(Stored data entries)
-- Opening Marker --

Definition lift_support X (Gs : seq {set 'I_n}) := X :|: \bigcup_(G <- Gs) fibre_fringe G.

Lemma lift_support_cons X G Gs :
  lift_support X (G :: Gs) = lift_support (X :|: fibre_fringe G) Gs.
Proof. by rewrite /lift_support big_cons setUA. Qed.

Lemma fringe_sub_lift_support X Gs G : G \in Gs -> fibre_fringe G \subset lift_support X Gs.
Proof.
by move=> G_Gs; rewrite /lift_support bigcup_seq subsetU // (bigcup_sup G) ?orbT.
Qed.

Lemma setU_fringe_sub_tail G Gs X :
  path (fun G G' => G \subset G') G Gs -> X \subset G ->
  forall G', G' \in Gs -> X :|: fibre_fringe G \subset G'.
Proof.
move=> Gs_path XG G' /(path_subset_head Gs_path) GG'.
by rewrite subUset (subset_trans XG GG') (subset_trans (subsetDl _ _) GG').
Qed.

Lemma lift_support_ind (P : {set 'I_n} -> Prop) Gs X :
  sorted (fun G G' => G \subset G') Gs -> (forall G, G \in Gs -> X \subset G) ->
  (forall G Y, G \in Gs -> Y \subset G -> P Y -> P (Y :|: fibre_fringe G)) ->
  P X -> P (lift_support X Gs).
Proof.
elim: Gs X => [|G Gs IH] X Gs_sorted XGs P_step PX.
  by rewrite /lift_support big_nil setU0.
rewrite lift_support_cons; apply: IH (path_sorted Gs_sorted) _ _ _.
- exact: setU_fringe_sub_tail Gs_sorted (XGs G (mem_head _ _)).
- by move=> G' Y G'_Gs; apply: P_step; rewrite in_cons G'_Gs orbT.
- exact: P_step (mem_head _ _) (XGs G (mem_head _ _)) PX.
Qed.

Lemma rk_gap_fringe G X :
  is_flat lift G -> X \subset G -> rk_gap (fibre_core G) (X :|: fibre_fringe G).
Proof.
move=> G_flat XG A AF; have := flat_lift_rk_gap A G_flat; rewrite AF setUC.
have : ((X :|: fibre_fringe G) :\: pi @^-1: fibre_core G) :&: pi @^-1: A \subset
    fibre_fringe G :&: pi @^-1: A.
  apply/subsetP => j; rewrite !inE => /andP [/andP [jF /orP [jX | ->]] ->] //.
  by rewrite jF (subsetP XG j jX).
by move/subset_leq_card; card_lia rk.
Qed.

Lemma lift_support_rk_gap Gs X G0 :
  sorted (fun G G' => G \subset G') Gs -> (forall G, G \in Gs -> is_flat lift G) ->
  (forall G, G \in Gs -> X \subset G) -> G0 \in Gs ->
  rk_gap (fibre_core G0) (lift_support X Gs).
Proof.
elim: Gs X => // G Gs IH X Gs_sorted Gs_flat XGs.
have Gs'_flat G' : G' \in Gs -> is_flat lift G'.
  by move=> G'_Gs; apply: Gs_flat; rewrite in_cons G'_Gs orbT.
have XG := XGs G (mem_head _ _); have tail_sub := setU_fringe_sub_tail Gs_sorted XG.
rewrite lift_support_cons in_cons => /orP [/eqP -> | G0_Gs].
  apply: lift_support_ind (path_sorted Gs_sorted) tail_sub _ _.
    move=> G' Y G'_Gs YG'; apply: rk_gap_setU_fringe YG' _; first exact: Gs'_flat.
    exact/fibre_core_mono/(path_subset_head Gs_sorted).
  exact: rk_gap_fringe (Gs_flat G (mem_head _ _)) XG.
exact: IH (path_sorted Gs_sorted) Gs'_flat tail_sub G0_Gs.
Qed.

Lemma fibre_core_proper G : G \proper setT -> fibre_core G \proper setT.
Proof.
rewrite !properT; apply: contraNneq => coreT; rewrite eqEsubset subsetT /=.
by rewrite -(preimsetT pi) -coreT preim_fibre_core_sub.
Qed.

-- Closing Marker --

* What you have to do: Whenever the word "Lemma" appears in a line above, copy that line.

* Response:
Lemma lift_support_cons X G Gs :
Lemma fringe_sub_lift_support X Gs G : G \in Gs -> fibre_fringe G \subset lift_support X Gs.
Lemma setU_fringe_sub_tail G Gs X :
Lemma lift_support_ind (P : {set 'I_n} -> Prop) Gs X :
Lemma rk_gap_fringe G X :
Lemma lift_support_rk_gap Gs X G0 :
Lemma fibre_core_proper G : G \proper setT -> fibre_core G \proper setT.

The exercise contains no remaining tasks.